Models¶

Model workers wrap a Python prediction function and run it against an RLMesh environment endpoint. The framework backend controls how observations are decoded before predict_fn runs and how returned actions are encoded.

Base Model¶

class rlmesh._models.base.ModelBase[source]¶

Bases: Generic[ObsT, ActT]

A model: a predict callable driven against an env.

run(env, seeds=...) drives the model against an env and returns a typed RunResult – it resolves the adapter from the env’s published tags and this model’s spec, so predict works in the model’s own input/output format with no per-env glue. serve() hosts the model as an endpoint for the runtime to dial.

Parameters:

source – A predict callable.
spec – Optional rlmesh.adapters.ModelSpec; makes this an adapted model.
on_close (on_reset / on_episode_end /) – Optional lifecycle callbacks.
load_kwargs (artifacts /) – Accepted for forward compatibility; unused for a callable source.
trust_entrypoints – Allow module:callable custom-input entrypoints in a spec to be imported during adapter resolution.

Examples

>>> from rlmesh.numpy import Model
>>> result = Model(lambda observation: 0).run("127.0.0.1:5555", seeds=[0])
>>> result.mean_reward
0.0

__init__(source, *, spec=None, on_reset=None, on_episode_end=None, on_close=None, artifacts=(), load_kwargs=None, trust_entrypoints=False)[source]¶

Parameters:

source (Callable[..., object] | object)
spec (object | None)
on_reset (LifecycleCallback | None)
on_episode_end (LifecycleCallback | None)
on_close (LifecycleCallback | None)
artifacts (Sequence[ArtifactInput])
load_kwargs (Mapping[str, object] | None)
trust_entrypoints (bool)

Return type:

None

property spec: object | None[source]¶

a ModelSpec, DELEGATED, or None.

Type:: The model’s content

run(env_or_address, *, seeds=None, max_episodes=None, instruction=None, close_env=False, token='')[source]¶

Drive this model against an env and return a RunResult.

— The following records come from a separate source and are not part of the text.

Lemma separate_classes (I : {set 'I_p}) : exists X : {set E},
  #|X| <= (#|I| - 1) * (k - 1) /\
  forall i j, i \in I -> j \in I -> i != j ->
    ~ exists x s, AB_path_avoiding ends X (A i) (A j) x s.
Proof.
have [n] := ubnP #|I|; elim: n I => // n IH I In.
have [/card_le1_eqP I1|/card_gt1P[i [j [iI jI ij]]]] := leqP #|I| 1.
  by exists set0; split=> [|i j iI jI]; rewrite ?cards0 // (I1 i j iI jI) eqxx.
have cij : c i != c j by apply/eqP => cij; apply: (hc ij); left.
have [S [ciS cjS Sk]] : exists S : {set V}, [/\ c i \in S, c j \notin S & #|boundary S| < k].
  by apply: edge_menger cij _ => paths; apply: (hc ij); right.
pose T : {set 'I_p} := [set l | c l \in S].
have iI1 : i \in I :&: T by rewrite !inE iI ciS.
have jI2 : j \in I :\: T by rewrite !inE jI cjS.
have card_split := cardsID T I.
have pos1 : 0 < #|I :&: T| by apply/card_gt0P; exists i.
have pos2 : 0 < #|I :\: T| by apply/card_gt0P; exists j.
have lt1 : #|I :&: T| < #|I| by rewrite -card_split -[X in X < _]addn0 ltn_add2l.
have lt2 : #|I :\: T| < #|I| by rewrite -card_split -[X in X < _]add0n ltn_add2r.
have [X1 [card1 sep1]] := IH _ (leq_trans lt1 In).
have [X2 [card2 sep2]] := IH _ (leq_trans lt2 In).
exists (boundary S :|: X1 :|: X2); split.
  have := cardsUI (boundary S) X1; have := cardsUI (boundary S :|: X1) X2; nia.
move=> i' j' i'I j'I i'j' [x [s Ps]].
have same : (c i' \in S) = (c j' \in S).
  apply: (avoiding_path_same_side Sk); apply: AB_path_avoiding_sub Ps.
  by move=> e eS; rewrite !in_setU eS.
have [ci'S|ci'S] := boolP (c i' \in S).
- apply: (sep1 i' j') => //; rewrite ?inE ?i'I ?j'I -?same //.
  by exists x, s; apply: AB_path_avoiding_sub Ps => e eX; rewrite !in_setU eX orbT.
- apply: (sep2 i' j') => //; rewrite ?inE ?i'I ?j'I -?same ?ci'S //.
  by exists x, s; apply: AB_path_avoiding_sub Ps => e eX; rewrite !in_setU eX orbT.
Qed.

End SeparatingClasses.
End Multigraph.

Theorem lemma10 (V E : finType) (ends : E -> V * V) (k p : nat)
  (hk : 0 < k) (hp : 0 < p)
  (A : 'I_p -> {set V}) (c : 'I_p -> V)
  (hc : forall i j : 'I_p, i != j -> ~ simk ends k (c i) (c j))
  (hA : forall (i : 'I_p) (x : V), x \in A i -> simk ends k x (c i)) :
  exists X : {set E},
    #|X| <= (p - 1) * (k - 1) /\
    (forall i j : 'I_p, i != j ->
       ~ exists (x : V) (s : seq (E * V)), AB_path_avoiding ends X (A i) (A j) x s).
Proof.
have [X [card_X sep_X]] := separate_classes hc hA [set: 'I_p].
rewrite cardsT card_ord in card_X.
by exists X; split=> // i j; apply: sep_X; rewrite inE.
Qed.
(* Assume $\mathcal M$ satisfies extensibility. Let $\lambda\in\mathbb R^A$ with $\lambda>0$ such that $LP(\lambda)$ is feasible, and partition $A$ by equality of $\lambda_i$ into $S_1,\dots,S_d$ with $\lambda(S_1)<\dots<\lambda(S_d)$; set $T_g=\bigcup_{q=g}^dS_q$. (1) Every optimal solution $X$ of $LP(\lambda)$ is jointly optimal for $T_g$ for every $g\in[d]$, and for any two optimal solutions $X,Y$ of $LP(\lambda)$, $\mathrm{delay}_{S_g}(X)=\mathrm{delay}_{S_g}(Y)$ for all $g\in[d]$. (2) If $(\alpha,p)$ and $(\alpha',p')$ are optimal solutions of $DLP(\lambda)$ and, for some $g\in[d]$, $\sum_{i\in S_g,k}r_{ik}\alpha_{ik}=\sum_{i\in S_g,k}r_{ik}\alpha'_{ik}$, then $\mathrm{pay}_{S_g}(X,p)=\mathrm{pay}_{S_g}(X,p')$ for every optimal solution $X$ of $LP(\lambda)$. (3) If $X,X'$ are optimal solutions of $LP(\lambda)$, $(\alpha,p)$ is an optimal solution of $DLP(\lambda)$, $g\in[d]$ and $S\subseteq S_g$, then $\mathrm{delay}_S(X)\le\mathrm{delay}_S(X')$ implies $\mathrm{pay}_S(X,p)\ge\mathrm{pay}_S(X',p)$, and the first inequality is strict iff the second is strict.
   Context: A market $\mathcal M$: finite agent set $A$, finite goods set $G$ (each of supply $1$), finite index set $C$; agent $i$ has real coefficients $a_{ijk}$, requirements $r_{ik}\ge0$, delays $d_{ij}\ge0$, budget $m_i>0$. CC$(i)$: $\sum_ja_{ijk}x_{ij}\ge r_{ik}$ for all $k$, $x_{ij}\ge0$. An allocation $X=(x_{ij})\ge0$ is supply respecting if $\sum_ix_{ij}\le1$ for all $j$. For $S\subseteq A$, $X$ is jointly optimal for $S$ if it satisfies CC$(i)$ for all $i\in S$, is supply respecting, and minimizes $\sum_{i\in S}\sum_jd_{ij}x_{ij}$ among allocations with these two properties. $\mathcal M$ satisfies extensibility if for every $S\subset A$, every $X$ jointly optimal for $S$, and every $i\in A\setminus S$, there is $X'$ jointly optimal for $S\cup\{i\}$ with $\sum_jd_{i'j}x'_{i'j}=\sum_jd_{i'j}x_{i'j}$ for all $i'\in S$. $LP(\lambda)$: minimize $\sum_i\lambda_i\sum_jd_{ij}x_{ij}$ s.t. $\sum_ja_{ijk}x_{ij}\ge r_{ik}$ for all $(i,k)$, $\sum_ix_{ij}\le1$ for all $j$, $x\ge0$. $DLP(\lambda)$: maximize $\sum_{i,k}r_{ik}\alpha_{ik}-\sum_jp_j$ s.t. $\lambda_id_{ij}\ge\sum_ka_{ijk}\alpha_{ik}-p_j$ for all $(i,j)$, $\alpha\ge0$, $p\ge0$. Notation: $\mathrm{delay}_S(X)=\sum_{i\in S}\sum_jd_{ij}x_{ij}$, $\mathrm{pay}_S(X,p)=\sum_{i\in S}\sum_jp_jx_{ij}$; $\lambda(S)$ denotes the common value of $\lambda_i$ for $i\in S$; $[d]=\{1,\dots,d\}$. *)

From HB Require Import structures.
From mathcomp Require Import all_boot all_order all_algebra.
Set Implicit Arguments. Unset Strict Implicit. Unset Printing Implicit Defensive.
Import Order.TTheory GRing.Theory Num.Theory.
Local Open Scope ring_scope.
Lemma row_free_row_neq0 m (M : 'M[R]_(m, N)) i : row_free M -> row i M != 0.
Proof.
move=> free; apply/eqP => Mi0.
have delta0 : delta_mx (0 : 'I_1) i *m M = 0 *m M by rewrite -rowE Mi0 mul0mx.
have /matrixP /(_ 0 i) := row_free_inj free delta0.
by rewrite !mxE !eqxx => /eqP; rewrite oner_eq0.
Qed.

Lemma has_aff_indep_leq (A : (X -> R) -> Prop) k j :
  (j <= k)%N -> has_aff_indep A k -> has_aff_indep A j.
Proof.
move=> le_jk [p [Ap indep]]; exists (fun i => p (widen_ord le_jk i)).
split => // c sum0 comb0 i.
pose c' (i' : 'I_k) := if insub (val i') is Some i then c i else 0.
have sum_c' (F : 'I_k -> R) : \sum_i' c' i' * F i' = \sum_i c i * F (widen_ord le_jk i).
  rewrite (bigID (fun i' : 'I_k => (i' < j)%N)) /= [X in _ + X]big1 ?addr0.
    by rewrite (big_ord_narrow le_jk); apply: eq_bigr => i' _; rewrite /c' /= valK.
  by move=> i' ge_i'j; rewrite /c' insubN ?mul0r.
have := indep c' _ _ (widen_ord le_jk i); rewrite /c' /= valK; apply.
  by rewrite -[RHS]sum0 (eq_bigr (fun i' => c' i' * 1)) ?sum_c';
    [apply: eq_bigr => i' _|move=> i' _]; rewrite mulr1.
by move=> y; rewrite sum_c' comb0.
Qed.

Lemma has_aff_indep_ext (A B : (X -> R) -> Prop) k :
  (forall x, A x <-> B x) -> has_aff_indep A k -> has_aff_indep B k.
Proof. by move=> AB [p [Ap indep]]; exists p; split => // i; apply/AB. Qed.

Lemma has_aff_indep_rank (A : (X -> R) -> Prop) (a : X -> R) m (M : 'M[R]_(m, N)) :
  (forall x, A x -> \sum_(y : X) a y * x y = 1) ->
  (forall x, A x -> (rowv x <= M)%MS) ->
  (forall i, row i M != 0 -> A (funv (row i M))) ->
  forall k, has_aff_indep A k <-> (k <= \rank M)%N.
Proof.
move=> on_hyperplane A_sub rowsA k; split => [[p [Ap indep]] | le_k].
  have /eqP <- : row_free (points_mx p).
    by apply/(affine_indep_row_free (fun i => on_hyperplane _ (Ap i))).
  by apply: mxrankS; apply/row_subP => i; rewrite row_points_mx A_sub.
apply: has_aff_indep_leq le_k _.
pose f := maxrankfun M; have free := maxrowsub_free M.
have Af i : A (funv (row (f i) M)).
  by apply: rowsA; rewrite -row_rowsub row_free_row_neq0.
exists (fun i => funv (row (f i) M)); split => //.
apply/(affine_indep_row_free (fun i => on_hyperplane _ (Af i))).
suff -> : points_mx (fun i => funv (row (f i) M)) = rowsub f M by [].
by apply/row_matrixP => i; rewrite row_points_mx funvK row_rowsub.
Qed.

Resolves the adapter from the env’s tags and this model’s spec, then runs a per-episode loop. seeds gives a per-episode seed and sets the episode count unless max_episodes is given; instruction is written into the model’s text inputs each episode. env_or_address is an env object exposing reset/step (e.g. a RemoteEnv), an object with an address, or a bare address string the loop dials.

Parameters:

env_or_address (object)
seeds (Sequence[int] | None)
max_episodes (int | None)
instruction (str | None)
close_env (bool)
token (str)

Return type:

RunResult

serve(address, *, token='', options=None)[source]¶

Host this model as an endpoint (blocking).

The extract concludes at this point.